The addition of IC to LPS-stimulated macrophages also resulted in the downregulation of several secreted products (Figure 2E). The secretion of pro-inflammatory chemokines (45–47) CXCL11, CXCL13, CCL8, and CCL15 was decreased by the addition of IC to LPS-stimulated macrophages, as was the secretion of the cytokine IL-6. Protease inhibitors and complement pathway proteins were also inhibited, indicating that IC co-stimulation downregulates several pathways of inflammation. An ELISA confirmed the decrease in the secretion of IL-6, IL-12 (which is not included in the SOMAscan platform) and CCL8 by the addition of IC to LPS-stimulated macrophages (Figure 2F).

Functional properties of macrophages stimulated in the presence of immune complexes.

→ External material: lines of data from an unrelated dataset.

(* Let $a>4$, $d\ge 4$, and let $G$ be generated by the security model $\mathcal{S}(n,a,d)$. Let $b_0>0$ be a constant, $\delta=\log^{-b_0}n$, $T_0=(1-\delta)n$, and let $b_1$ satisfy $2<b_1<a-b_0$. Then with probability $1-o(1)$, every homochromatic set created before time step $T_0$ has size $\Omega(\log^{b_1}n)$.
   Context: Security model $\mathcal{S}(n,a,d)$ (homophyly exponent $a$, natural number $d$): start with an initial graph $G_2$ on two nodes, each of which is a seed node with its own distinct color. For $i=3,\dots,n$, given $G_{i-1}$, let $p_i=(\log i)^{-a}$ and create a new node $v$ (at time step $i$). With probability $p_i$, $v$ receives a brand-new color $c$ and is called the seed node of $c$; then one edge $(v,u)$ is added with $u$ chosen with probability proportional to degrees in $G_{i-1}$, and $d-1$ edges $(v,u_j)$ are added, each $u_j$ chosen uniformly at random among all seed nodes of $G_{i-1}$. Otherwise, $v$ picks a color $c$ uniformly at random among all colors present in $G_{i-1}$, takes color $c$, and $d$ edges $(v,u_j)$ are added, each $u_j$ chosen with probability proportional to degree among the nodes of color $c$ in $G_{i-1}$. The network is $G=G_n$. A homochromatic set is the set of all nodes of $G$ of one color; it is created at the time step its seed node is created. *)

From Stdlib Require Import Reals List Arith Lra.
Import ListNotations.
Open Scope R_scope.

(** Finite discrete distributions, as lists of (weight, outcome). *)
Definition dist (A : Type) := list (R * A).

Definition ret {A} (x : A) : dist A := [(1, x)].

Definition bind {A B} (m : dist A) (f : A -> dist B) : dist B :=
  flat_map (fun '(p, x) => map (fun '(q, y) => (p * q, y)) (f x)) m.

Definition mix {A} (p : R) (m1 m2 : dist A) : dist A :=
  map (fun '(q, x) => (p * q, x)) m1 ++ map (fun '(q, x) => ((1 - p) * q, x)) m2.

Definition uniform (l : list nat) : dist nat :=
  map (fun u => (/ INR (length l), u)) l.

Definition weighted (w : nat -> R) (l : list nat) : dist nat :=
  let tot := fold_right Rplus 0 (map w l) in
  map (fun u => (w u / tot, u)) l.

Fixpoint iid {A} (k : nat) (m : dist A) : dist (list A) :=
  match k with
  | O => ret []
  | S k' => bind m (fun x => bind (iid k' m) (fun xs => ret (x :: xs)))
  end.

To determine the functional significance of the differentially expressed genes in R-Mϕ, the RNA-seq differential expression data was uploaded into the Ingenuity Pathway Analysis (IPA) tool. The Diseases and Functions report from IPA predicted increased activation of angiogenesis, cell proliferation, and tumor vulnerability (Fig. 3A), and a decreased activation of inflammation and rheumatic diseases (Fig. 3B). In total, 1,337 unique genes contributed to the predicted upregulated functions and 716 unique genes contributed to the 33 predicted downregulated functions. The IPA Diseases and Functions report is consistent with a pro-survival, pro-growth, and anti-inflammatory phenotype of macrophages following stimulation in the presence of immune complexes.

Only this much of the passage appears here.